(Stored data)
|---|

Lemma cst_is_monoid_morphism m : monoid_morphism (@cst F m).
Proof. by elim: m => [//|m [IH1 IHM]]; split=> [|a b] /=; rewrite ?IH1 ?IHM ?rmorphM. Qed.

HB.instance Definition _ m :=
  GRing.isZmodMorphism.Build _ _ (@cst F m) (@cst_is_zmod_morphism m).
HB.instance Definition _ m :=
  GRing.isMonoidMorphism.Build _ _ (@cst F m) (@cst_is_monoid_morphism m).

Lemma subst_is_rmorphism N (ys : nat -> mpoly F N) m :
  [/\ zmod_morphism (subst ys (m:=m)), monoid_morphism (subst ys (m:=m))
    & forall a, subst ys (cst m a) = cst N a].
Proof.
elim: m => [|m [fB fM fC]].
  by split=> //; [exact: (@rmorphB _ _ (@cst F N)) |
                   exact: (rmorphism_monoidP (@cst F N))].
pose fR : {rmorphism mpoly F m -> mpoly F N} :=
  HB.pack (subst ys (m:=m)) (GRing.isZmodMorphism.Build _ _ _ fB)
    (GRing.isMonoidMorphism.Build _ _ _ fM).
have hornerE p : subst ys (m:=m.+1) p = (map_poly fR p).[ys m].
  rewrite (horner_coef_wide _ (size_poly _ _)).
  by apply: eq_bigr => i _; rewrite coef_map_id0 // rmorph0.
split=> [p q|| a]; rewrite ?hornerE.
- by rewrite rmorphB hornerD hornerN.
- by split=> [|p q]; rewrite !hornerE ?rmorph1 ?hornerC // rmorphM hornerM.
- have -> : cst m.+1 a = (cst m a)%:P by [].
  by rewrite map_polyC hornerC /= fC.
Qed.

Section Instances.
Variables (N : nat) (ys : nat -> mpoly F N) (m : nat).

HB.instance Definition _ := GRing.isZmodMorphism.Build _ _ (subst ys (m:=m))
  (let: And3 h _ _ := subst_is_rmorphism ys m in h).
HB.instance Definition _ := GRing.isMonoidMorphism.Build _ _ (subst ys (m:=m))
  (let: And3 _ h _ := subst_is_rmorphism ys m in h).

Lemma subst_cst a : subst ys (cst m a) = cst N a.
Proof. by case: (subst_is_rmorphism ys m). Qed.

End Instances.

Lemma eq_subst N (ys ys' : nat -> mpoly F N) m :
  (forall j, (j < m)%N -> ys j = ys' j) -> subst ys (m:=m) =1 subst ys' (m:=m).
Proof.
elim: m => [//|m IH] eq_ys p /=; apply: eq_bigr => i _.
by rewrite eq_ys // IH // => j /ltnW; apply: eq_ys.
Qed.

Lemma subst_polyC_map N (ys : nat -> mpoly F N) m (q : mpoly F m) :
  subst (fun j => (ys j)%:P : mpoly F N.+1) q = (subst ys q)%:P.
Proof.
elim: m q => [//|m IH] q /=.
by rewrite rmorph_sum; apply: eq_bigr => i _; rewrite IH rmorphM rmorphXn.
Qed.

Lemma var_last m : var F m.+1 m = 'X.
Proof. by rewrite /= eqxx. Qed.

Lemma var_ltn m j : (j < m)%N -> var F m.+1 j = (var F m j)%:P.
Proof. by move=> lt_jm /=; rewrite ifN // neq_ltn lt_jm. Qed.

Lemma subst_var_id m (f : mpoly F m) : subst (var F m) f = f.
Proof.
elim: m f => [//|m IH] p /=.
rewrite -[RHS]coefK poly_def; apply: eq_bigr => i _.
rewrite (@eq_subst _ _ (fun j => (var F m j)%:P : mpoly F m.+1)) => [|j].
  by rewrite subst_polyC_map IH eqxx mul_polyC.
exact: var_ltn.
Qed.

Lemma subst_wide N (ys : nat -> mpoly F N) m (p : {poly mpoly F m}) k :
  (size p <= k)%N -> subst ys (m:=m.+1) p = \sum_(i < k) subst ys p`_i * ys m ^+ i.
Proof.
move=> le_pk /=; rewrite (big_ord_widen k (fun i => subst ys p`_i * ys m ^+ i)) //.
rewrite big_mkcond; apply: eq_bigr => i _; case: ltnP => // le_pi.
by rewrite nth_default // rmorph0 mul0r.
Qed.

Lemma subst_var N (ys : nat -> mpoly F N) m j :
  (j < m)%N -> subst ys (var F m j) = ys j.
Proof.
elim: m => [//|m IH]; rewrite ltnS leq_eqVlt => /predU1P[->|lt_jm].
  rewrite var_last (@subst_wide _ _ _ _ 2) ?size_polyX //.
  by rewrite big_ord_recr big_ord1 /= !coefX /= rmorph0 rmorph1 mul0r add0r mul1r.
rewrite var_ltn // (subst_wide _ (size_polyC_leq1 _)) big_ord1 coefC /=.
by rewrite expr0 mulr1 IH.
Qed.

Lemma subst_comp N N' (ys : nat -> mpoly F N) (ys' : nat -> mpoly F N') m
    (p : mpoly F m) :
  subst ys' (subst ys p) = subst (fun j => subst ys' (ys j)) p.
Proof.
elim: m p => [|m IH] p /=; first exact: subst_cst.
by rewrite rmorph_sum; apply: eq_bigr => i _; rewrite rmorphM rmorphXn -IH.
Qed.

End Substitution.

(* Keeps [/=] from unfolding these recursive definitions, so that the
   ring-morphism lemmas for [subst] keep rewriting syntactically. *)
Arguments subst : simpl never.
Arguments var : simpl never.

(* [mcoef f e] is the coefficient of the monomial prod_(j < m) x_j^(e j) in f. *)
Fixpoint mcoef (F : comNzRingType) (m : nat) : mpoly F m -> (nat -> nat) -> F :=
  match m return mpoly F m -> (nat -> nat) -> F with
  | 0 => fun a _ => a
  | m'.+1 => fun (p : {poly mpoly F m'}) e => mcoef p`_(e m') e
  end.

Definition scalev (F : comNzRingType) (c : nat -> F) m (f : mpoly F m) : mpoly F m :=
  subst (fun j => cst m (c j) * var F m j) f.

Section MonomialCoefficients.
Variable F : comNzRingType.

Lemma eq_mcoef m (f : mpoly F m) e e' :
  (forall j, (j < m)%N -> e j = e' j) -> mcoef f e = mcoef f e'.
Proof.
elim: m f => [//|m IH] p eq_e /=.
by rewrite eq_e // IH // => j /ltnW; apply: eq_e.
Qed.

Lemma mcoef_coef m (p : {poly mpoly F m}) i e :
  mcoef p`_i e = mcoef (p : mpoly F m.+1) [eta e with m |-> i].
Proof.
by rewrite /= eqxx; apply: eq_mcoef => j lt_jm /=; rewrite ifN // neq_ltn lt_jm.
Qed.

Lemma mcoef0 m e : mcoef (0 : mpoly F m) e = 0.
Proof. by elim: m => [//|m IH] /=; rewrite coef0 IH. Qed.

Lemma mcoef_inj m (f g : mpoly F m) : mcoef f =1 mcoef g -> f = g.
Proof.
elim: m f g => [|m IH] f g eq_fg; first exact: (eq_fg (fun _ => 0%N)).
by apply/polyP => i; apply: IH => e; rewrite !mcoef_coef.
Qed.

Lemma mcoefMcst m (f : mpoly F m) a e : mcoef (f * cst m a) e = mcoef f e * a.
Proof. by elim: m f => [//|m IH] p /=; rewrite coefMC IH. Qed.

Lemma lreg_var m j : (j < m)%N -> GRing.lreg (var F m j).
Proof.
elim: m => [//|m IH]; rewrite ltnS leq_eqVlt => /predU1P[->|lt_jm].
  by rewrite var_last; apply/monic_lreg/monicX.
rewrite var_ltn //; apply: mulrI0_lreg => p /polyP p0; apply/polyP => i.
by rewrite coef0; apply: (IH lt_jm); rewrite mulr0 -coefCM p0 coef0.
Qed.

Lemma scalev_coef (c : nat -> F) m (p : {poly mpoly F m}) i :
  (scalev c (p : mpoly F m.+1))`_i = scalev c p`_i * cst m (c m) ^+ i.
Proof.
rewrite /scalev (subst_wide _ (leqnn _)).
have termE k : subst (fun j => cst m.+1 (c j) * var F m.+1 j) p`_k *
    (cst m.+1 (c m) * var F m.+1 m) ^+ k =
    (subst (fun j => cst m (c j) * var F m j) p`_k * cst m (c m) ^+ k) *: 'X^k.
  rewrite (@eq_subst _ _ _ (fun j => (cst m (c j) * var F m j)%:P : mpoly F m.+1)).
    by rewrite subst_polyC_map var_last exprMn -mul_polyC rmorphM rmorphXn mulrA.
  by move=> j lt_jm; rewrite var_ltn // rmorphM.
rewrite (eq_bigr _ (fun (k : 'I_(size p)) _ => termE k)).
rewrite -(@poly_def _ _ (fun k => scalev c p`_k * cst m (c m) ^+ k)) coef_poly.
by case: ltnP => // le_pi; rewrite nth_default // rmorph0 mul0r.
Qed.

Lemma mcoef_scalev (c : nat -> F) m (f : mpoly F m) e :
  mcoef (scalev c f) e = (\prod_(j < m) c j ^+ e j) * mcoef f e.
Proof.
elim: m f => [|m IH] f; first by rewrite big_ord0 mul1r.
by rewrite [LHS]/= scalev_coef -rmorphXn mcoefMcst IH big_ord_recr /= mulrAC.
Qed.

End MonomialCoefficients.

Section Group.
Variables (F : fieldType) (n l : nat) (zeta : F).
Hypotheses (hl : (2 <= l)%N) (hz : l.-primitive_root zeta).
Implicit Types (g h : grp n l) (f : mpoly F n).

Lemma zeta_neq0 : zeta != 0.
Proof. by rewrite (prim_root_eq0 hz) -lt0n (prim_order_gt0 hz). Qed.

Lemma gexpE g (i : 'I_n.-1) : gexp g i = g i.
Proof. by rewrite /gexp; case: insubP => [j _ /val_inj ->|] //; rewrite ltn_ord. Qed.

Lemma gexp_out g k : (n.-1 <= k)%N -> gexp g k = 0%N.
Proof. by move=> le_nk; rewrite /gexp insubN // -leqNgt. Qed.

Lemma gexp_lt g k : (gexp g k < l)%N.
Proof.
case: (ltnP k n.-1) => [lt_kn|le_nk]; last by rewrite gexp_out // (ltn_trans _ hl).
by rewrite (gexpE g (Ordinal lt_kn)) -[X in (_ < X)%N](Zp_cast hl) ltn_ord.
Qed.

Lemma gexp_gone k : gexp (gone n l) k = 0%N.
Proof.
case: (ltnP k n.-1) => [lt_kn|]; last exact: gexp_out.
by rewrite (gexpE _ (Ordinal lt_kn)) ffunE.
Qed.

Lemma gmul1g h : gmul (gone n l) h = h.
Proof. by apply/ffunP => i; rewrite !ffunE add0r. Qed.

Lemma gmulg1 g : gmul g (gone n l) = g.
Proof. by apply/ffunP => i; rewrite !ffunE addr0. Qed.

Lemma alpha_gone_l h : alpha zeta (gone n l) h = 1.
Proof. by rewrite /alpha big1 ?invr1 // => k _; rewrite gexp_gone. Qed.

Lemma alpha_gone_r g : alpha zeta g (gone n l) = 1.
Proof. by rewrite /alpha big1 ?invr1 // => k _; rewrite gexp_gone muln0. Qed.

Lemma chi_gone j : chi zeta (gone n l) j = 1.
Proof. by rewrite /chi big1 // => k _; rewrite gexp_gone. Qed.

Lemma actE g f : act zeta g f = scalev (chi zeta g) f.
Proof. by []. Qed.

Lemma act_gone f : act zeta (gone n l) f = f.
Proof.
rewrite /act (@eq_subst _ _ _ (var F n)) ?subst_var_id // => j _.
by rewrite chi_gone rmorph1 mul1r.
Qed.

Lemma act0 g : act zeta g 0 = 0.
Proof. exact: rmorph0. Qed.

Lemma act_var g j :
  (j < n)%N -> act zeta g (var F n j) = cst n (chi zeta g j) * var F n j.
Proof. exact: subst_var. Qed.

Lemma gen_char_expr_order k j : gen_char zeta k j ^+ l = 1.
Proof.
rewrite /gen_char; case: ifP => _; first exact: prim_expr_order hz.
by case: ifP => _; rewrite ?expr1n // exprVn (prim_expr_order hz) invr1.
Qed.

Lemma chi_expr_order g j : chi zeta g j ^+ l = 1.
Proof.
by rewrite /chi -prodrXl big1 // => k _; rewrite exprAC gen_char_expr_order expr1n.
Qed.

Lemma prod_gen_char_expr k (e : nat -> nat) : (k < n.-1)%N ->
  \prod_(j < n) gen_char zeta k j ^+ e j = zeta ^+ e k * zeta^-1 ^+ e k.+1.
Proof.
case: n => // n' lt_kn.
have lt_k1n : (k.+1 < n'.+1)%N by [].
rewrite (bigD1 (Ordinal (ltnW lt_k1n))) // (bigD1 (Ordinal lt_k1n)) /=; last first.
  by rewrite -val_eqE /= gtn_eqF.
rewrite big1 => [|j /andP[]]; last first.
  rewrite -!val_eqE /= => ne_jk ne_jk1.
  by rewrite /gen_char (negbTE ne_jk) (negbTE ne_jk1) expr1n.
by rewrite /gen_char eqxx eqn_leq ltnn eqxx mulr1.
Qed.

Lemma prod_chi g : \prod_(j < n) chi zeta g j = 1.
Proof.
rewrite /chi exchange_big big1 // => k _.
rewrite prodrXl (eq_bigr (fun j : 'I_n => gen_char zeta k j ^+ 1)) => [|j _].
  by rewrite (prod_gen_char_expr (fun=> 1%N)) // !expr1 divff ?zeta_neq0 ?expr1n.
exact: expr1.
Qed.

Definition ggen k : grp n l := [ffun i : 'I_n.-1 => (val i == k)%:R].

Lemma gexp_ggen k k' : (k < n.-1)%N -> gexp (ggen k) k' = (k' == k).
Proof.
move=> lt_kn; case: (ltnP k' n.-1) => [lt_k'n|le_nk'].
  by rewrite (gexpE _ (Ordinal lt_k'n)) ffunE /=; case: eqP.
by rewrite gexp_out //; case: eqP le_nk' => // ->; rewrite leqNgt lt_kn.
Qed.

Lemma chi_ggen k j : (k < n.-1)%N -> chi zeta (ggen k) j = gen_char zeta k j.
Proof.
move=> lt_kn; rewrite /chi (bigD1 (Ordinal lt_kn)) //= big1 => [|k'].
  by rewrite gexp_ggen // eqxx mulr1.
by rewrite -val_eqE /= => ne_k'k; rewrite gexp_ggen // (negbTE ne_k'k).
Qed.

Lemma sv_invariant_mcoef_congr f e k : sv_invariant l zeta f ->
  mcoef f e != 0 -> (k < n.-1)%N -> e k = e k.+1 %[mod l].
Proof.
move=> inv_f nz_fe lt_kn.
have := congr1 (fun p => mcoef p e) (inv_f (ggen k)); rewrite /= actE mcoef_scalev.
under eq_bigr => j _ do rewrite chi_ggen //.
rewrite prod_gen_char_expr // -[RHS]mul1r => /(mulIf nz_fe).
rewrite exprVn -div1r mulrA mulr1 => /(divr1_eq) eq_zeta.
by apply/eqP; rewrite -(eq_prim_root_expr hz) eq_zeta.
Qed.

|---|

• **Your task**
After locating the line holding "Lemma lreg_var m" above, output exactly that line and every line after it through the line holding "rewrite /scalev (subst_wide _ (leqnn _)).". Include nothing else.

• **Output below**
Lemma lreg_var m j : (j < m)%N -> GRing.lreg (var F m j).
Proof.
elim: m => [//|m IH]; rewrite ltnS leq_eqVlt => /predU1P[->|lt_jm].
  by rewrite var_last; apply/monic_lreg/monicX.
rewrite var_ltn //; apply: mulrI0_lreg => p /polyP p0; apply/polyP => i.
by rewrite coef0; apply: (IH lt_jm); rewrite mulr0 -coefCM p0 coef0.
Qed.

Lemma scalev_coef (c : nat -> F) m (p : {poly mpoly F m}) i :
  (scalev c (p : mpoly F m.+1))`_i = scalev c p`_i * cst m (c m) ^+ i.
Proof.
rewrite /scalev (subst_wide _ (leqnn _)).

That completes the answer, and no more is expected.